How well does TLM work?
Comprehensive benchmarks are provided in our blog. These reveal that TLM detects hallucinations/errors with significantly higher precision/recall than other methods, across many datasets, tasks, and LLM models.
Using the best
or high
quality_preset, TLM can additionally return more accurate LLM responses than the base LLM. Our benchmarks show that TLM can reduce the error rate (incorrect answers): of GPT-4o by 27%, of GPT-4o mini by 34%, of GPT-4 by 10%, of GPT-3.5 by 22%, and of Claude 3 Haiku by 24%.
I am using LLM model ___, how can I use TLM?
Two primary ways to use TLM are the prompt()
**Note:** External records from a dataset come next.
(* For any online learning algorithm with prior knowledge of the horizon $T$, the delay $\tau$ and a number $\bar V\ge V^{\tau+1}_T$, there exists a sequence of linear losses $f_t(x)=\langle g_t,x\rangle$ such that, if the feedback is subject to constant delay $\tau$ (the feedback $g_t$ becomes available only after $\tau$ further rounds), the regret $\sum_{t=1}^T\langle g_t,x_t-p\rangle$ of the algorithm on this sequence with respect to some vector $p$ with $\|p-x_1\|\le1$ is $\Omega(\sqrt{\tau\bar V})$.
   Context: Online linear optimization in a Euclidean space (unconstrained), where $x_t$ denotes the point played at round $t$ and $x_1$ the initial point. Convention $g_t=0$ for $t\le0$. The $(\tau+1)$-variation is $V^{\tau+1}_T=\sum_{t=1}^T\|g_t-g_{t-\tau-1}\|^2$. *)

From HB Require Import structures.
From mathcomp Require Import all_boot all_order all_algebra.
From mathcomp Require Import reals.
Set Implicit Arguments. Unset Strict Implicit. Unset Printing Implicit Defensive.
Import Order.TTheory GRing.Theory Num.Theory.
Local Open Scope ring_scope.

Definition dotv (R : realType) (d : nat) (u v : 'rV[R]_d) : R :=
  \sum_(i < d) u ord0 i * v ord0 i.
Definition enorm (R : realType) (d : nat) (v : 'rV[R]_d) : R :=
  Num.sqrt (dotv v v).

(* gradient at round t (t >= 1), with the convention g_t = 0 for t <= 0:
   gback g k t = g_{t-k} *)
Definition gback (R : realType) (d : nat) (g : nat -> 'rV[R]_d) (k t : nat)
  : 'rV[R]_d := if (t <= k)%N then 0 else g (t - k)%N.

Definition variation (R : realType) (d : nat) (g : nat -> 'rV[R]_d)
  (tau T : nat) : R :=
  \sum_(1 <= t < T.+1) enorm (g t - gback g tau.+1 t) ^+ 2.

(* A deterministic online algorithm: at round t it receives the list of
   feedback available so far and outputs x_t. *)
Definition algorithm (R : realType) (d : nat) :=
  nat -> seq 'rV[R]_d -> 'rV[R]_d.

(* Point played at round t under constant delay tau: the feedback g_s is
   available only from round s + tau + 1 on, so at round t the learner
   knows exactly g_1, ..., g_{t - tau - 1}. *)
Definition play_delayed (R : realType) (d : nat) (A : algorithm R d)
  (g : nat -> 'rV[R]_d) (tau t : nat) : 'rV[R]_d :=
  A t [seq g s | s <- iota 1 (t - tau.+1)].

Definition regret_delayed (R : realType) (d : nat) (A : algorithm R d)
  (g : nat -> 'rV[R]_d) (tau T : nat) (p : 'rV[R]_d) : R :=
  \sum_(1 <= t < T.+1) dotv (g t) (play_delayed A g tau t - p).

From HB Require Import structures.
From mathcomp Require Import all_boot all_order all_algebra.
From mathcomp Require Import reals.
From mathcomp Require Import zify ring lra.
Import Order.TTheory GRing.Theory Num.Theory.
Local Open Scope ring_scope.

(* During the first tau + 1 rounds a learner with delay tau has received no
   feedback, so its plays x_1, ..., x_tau are fixed in advance.  The adversary
   sends the constant gradient b e on these rounds and 0 afterwards, where the
   unit vector e is +-e_1, the sign chosen so that sum_{t <= tau} <e, x_t - x_1>
   is nonnegative.  Against p = x_1 - e every such round costs at least b, so
   the regret is at least b tau, while the sequence only jumps (by b) at the
   tau rounds where the pulse starts and the tau rounds where its delayed copy
   does, so its (tau+1)-variation is at most 2 tau b^2.  The choice
   b = sqrt(tau Vbar) / (2 tau) balances the two. *)

Section InnerProduct.
Context {R : realType} {d : nat}.
Implicit Types (u v w : 'rV[R]_d) (k : R).

Lemma dotvZl k u v : dotv (k *: u) v = k * dotv u v.
Proof. by rewrite /dotv mulr_sumr; apply: eq_bigr => i _; rewrite mxE mulrA. Qed.

Lemma dotvZr k u v : dotv u (k *: v) = k * dotv u v.
Proof. by rewrite /dotv mulr_sumr; apply: eq_bigr => i _; rewrite mxE mulrCA. Qed.

Lemma dotvDr u v w : dotv u (v + w) = dotv u v + dotv u w.
Proof. by rewrite /dotv -big_split; apply: eq_bigr => i _; rewrite mxE mulrDr. Qed.

Lemma dotvv_ge0 v : 0 <= dotv v v.
Proof. by apply: sumr_ge0 => i _; rewrite -expr2 sqr_ge0. Qed.

Lemma enorm_sqr v : enorm v ^+ 2 = dotv v v.
Proof. by rewrite /enorm sqr_sqrtr ?dotvv_ge0. Qed.

Lemma enormZ k v : enorm (k *: v) = `|k| * enorm v.
Proof.
by rewrite /enorm dotvZl dotvZr mulrA -expr2 sqrtrM ?sqr_ge0 // sqrtr_sqr.
Qed.

Lemma enorm0 : enorm (0 : 'rV[R]_d) = 0.
Proof. by rewrite /enorm /dotv big1 ?sqrtr0 // => i _; rewrite mxE mul0r. Qed.

Lemma enormN v : enorm (- v) = enorm v.
Proof. by rewrite -scaleN1r enormZ normrN1 mul1r. Qed.

Lemma enorm_delta (i : 'I_d) : enorm (delta_mx 0 i : 'rV[R]_d) = 1.
Proof.
rewrite /enorm /dotv (bigD1 i) //= big1 ?addr0 => [|j /negbTE neq_ji].
  by rewrite mxE !eqxx mulr1 sqrtr1.
by rewrite mxE neq_ji andbF mul0r.
Qed.

End InnerProduct.

Lemma exists_sign_mul_ge0 {R : realFieldType} (x : R) :
  exists s : R, `|s| = 1 /\ 0 <= s * x.
Proof.
have [x_ge0|x_lt0] := lerP 0 x.
  by exists 1; rewrite normr1 mul1r.
by exists (-1); rewrite normrN1 mulN1r oppr_ge0 ltW.
Qed.

Lemma play_delayed_blind (R : realType) (d : nat) (A : algorithm R d)
    (g : nat -> 'rV[R]_d) (tau t : nat) :
  (t <= tau.+1)%N -> play_delayed A g tau t = A t [::].
Proof. by rewrite /play_delayed -subn_eq0 => /eqP ->. Qed.

Lemma sum_indicator_itv (lo hi n : nat) :
  (\sum_(1 <= t < n.+1) (lo < t <= hi) = minn n hi - lo)%N.
Proof.
elim: n => [|n IHn]; first by rewrite big_geq // min0n.
rewrite big_nat_recr //= IHn; case: (boolP (lo < n.+1 <= hi)%N) => /= ?; lia.
Qed.

Section Pulse.
Context {R : realType} {d : nat}.
Variables (b : R) (e : 'rV[R]_d) (tau : nat).
Hypothesis e_unit : enorm e = 1.

Definition pulse (t : nat) : 'rV[R]_d := if (t <= tau)%N then b *: e else 0.

Lemma enorm_scale_unit (k : R) : enorm (k *: e) ^+ 2 = k ^+ 2.
Proof. by rewrite enormZ e_unit mulr1 real_normK ?num_real. Qed.

Lemma pulse_variation_term (t : nat) : (0 < t)%N ->
  enorm (pulse t - gback pulse tau.+1 t) ^+ 2
  = b ^+ 2 *+ ((0 < t <= tau) + (tau.+1 < t <= tau.*2.+1))%N.
Proof.
move=> t_gt0; rewrite /gback /pulse t_gt0 /=.
have [t_le|t_gt] := leqP t tau.
  rewrite leqW // subr0 enorm_scale_unit.
  by have -> : (tau.+1 < t)%N = false by lia.
have -> : (t - tau.+1 <= tau)%N = (t <= tau.*2.+1)%N by lia.
rewrite sub0r enormN; case: leqP => _ /=; first by rewrite enorm0 expr0n.
by case: ifP => _; rewrite ?enorm_scale_unit ?enorm0 ?expr0n.
Qed.

Lemma variation_pulse (T : nat) : variation pulse tau T <= b ^+ 2 *+ tau.*2.
Proof.
rewrite /variation.
under eq_big_nat => t /andP[t_gt0 _] do rewrite pulse_variation_term //.
rewrite sumrMnr.
apply: ler_wpMn2l; first exact: sqr_ge0.
rewrite big_split /= !sum_indicator_itv; lia.
Qed.

Lemma regret_pulse (A : algorithm R d) (T : nat) : (tau <= T)%N ->
  regret_delayed A pulse tau T (A 1%N [::] - e)
  = b * (\sum_(1 <= t < tau.+1) dotv e (A t [::] - A 1%N [::]) + tau%:R).
Proof.
move=> le_tau_T; have e_dot : dotv e e = 1 by rewrite -enorm_sqr e_unit expr1n.
rewrite /regret_delayed (@big_cat_nat _ _ _ tau.+1) ?ltnS //=.
rewrite [X in _ + X]big1_seq ?addr0 => [|t]; last first.
  rewrite mem_index_iota => /and3P[_ t_gt _].
  by rewrite /pulse leqNgt t_gt -(scale0r e) dotvZl mul0r.
have -> : tau%:R = \sum_(1 <= t < tau.+1) (1 : R).
  by rewrite sumr_const_nat subSS subn0.
rewrite -big_split mulr_sumr /=.
apply: eq_big_nat => t /andP[_ le_t]; rewrite ltnS in le_t.
rewrite /pulse le_t play_delayed_blind 1?leqW // dotvZl opprB addrA addrAC.
by rewrite (dotvDr e (A t [::] - A 1%N [::])) e_dot.
Qed.

End Pulse.

Section PulseHeight.
Context {R : realType}.
Variables (tau : nat) (V : R).

Definition pulse_height : R := Num.sqrt (tau%:R * V) / (2 * tau%:R).

Lemma pulse_height_ge0 : 0 <= V -> 0 <= pulse_height.
Proof. by move=> V_ge0; rewrite divr_ge0 ?sqrtr_ge0 ?mulr_ge0 ?ler0n. Qed.

Lemma pulse_height_variation : 0 <= V -> pulse_height ^+ 2 *+ tau.*2 <= V.
Proof.
move=> V_ge0; have [->|tau_gt0] := posnP tau; first by rewrite mulr0n.
have tau_neq0 : tau%:R != 0 :> R by rewrite pnatr_eq0 -lt0n.
rewrite -mulr_natr expr_div_n sqr_sqrtr ?mulr_ge0 ?ler0n // -muln2 natrM.
rewrite [X in X <= _](_ : _ = V / 2); first lra.
by field.
Qed.

Lemma pulse_height_mul_tau : pulse_height * tau%:R = Num.sqrt (tau%:R * V) / 2.
Proof.
have [->|tau_gt0] := posnP tau; first by rewrite mul0r sqrtr0 mulr0 mul0r.
have tau_neq0 : tau%:R != 0 :> R by rewrite pnatr_eq0 -lt0n.
by rewrite /pulse_height; field.
Qed.

End PulseHeight.

Theorem proposition6 (R : realType) :
  exists c : R, 0 < c /\
  forall (d T tau : nat) (Vbar : R), (0 < d)%N -> (tau <= T)%N -> 0 <= Vbar ->
  forall A : algorithm R d,
  exists g : nat -> 'rV[R]_d,
    variation g tau T <= Vbar /\
    exists p : 'rV[R]_d,
      enorm (p - play_delayed A g tau 1) <= 1 /\
      c * Num.sqrt (tau%:R * Vbar) <= regret_delayed A g tau T p.
Proof.
exists (1 / 2); split => [|d T tau V d_gt0 le_tau_T V_ge0 A]; first lra.
pose x1 := A 1%N [::]; pose e1 : 'rV[R]_d := delta_mx 0 (Ordinal d_gt0).
have [s [s_unit s_sum_ge0]] :=
  exists_sign_mul_ge0 (\sum_(1 <= t < tau.+1) dotv e1 (A t [::] - x1)).
pose e := s *: e1; have e_unit : enorm e = 1 by rewrite enormZ s_unit enorm_delta mul1r.
pose b := pulse_height tau V.
exists (pulse b e tau); split.
  exact: le_trans (variation_pulse _ _ _ e_unit T) (pulse_height_variation _ _ V_ge0).
exists (x1 - e); split.
  by rewrite play_delayed_blind // -/x1 addrAC subrr add0r enormN e_unit.
rewrite regret_pulse //.
have -> : \sum_(1 <= t < tau.+1) dotv e (A t [::] - x1)
          = s * \sum_(1 <= t < tau.+1) dotv e1 (A t [::] - x1).
  by rewrite mulr_sumr; apply: eq_bigr => t _; rewrite dotvZl.
have b_ge0 : 0 <= b := pulse_height_ge0 _ _ V_ge0.
apply: le_trans (_ : b * tau%:R <= _); last by rewrite ler_wpM2l // lerDr.
rewrite pulse_height_mul_tau; lra.
Qed.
and get_trustworthiness_score()
methods. The former can be used as a drop-in replacement for any standard LLM API, returning trustworthiness scores in addition to responses from one of TLM’s supported base LLM models. Here the response and trustworthiness score are both produced using the same LLM model.
Alternatively, you can produce responses using any LLM, and just use TLM to subsequently score their trustworthiness.
If you would like to both produce responses and score their trustworthiness using your own custom (private) LLM, get in touch regarding our Enterprise plan.
What about latency-sensitive applications (like Chat)?
See our advanced tutorial for tips on trading-off performance vs. costs/latency, including quality-presets and TLM Lite.
Instead of using TLM to produce responses, you can alternatively stream in responses from your own LLM, and use TLM.get_trustworthiness_score()
to subsequently stream in the corresponding trustworthiness score.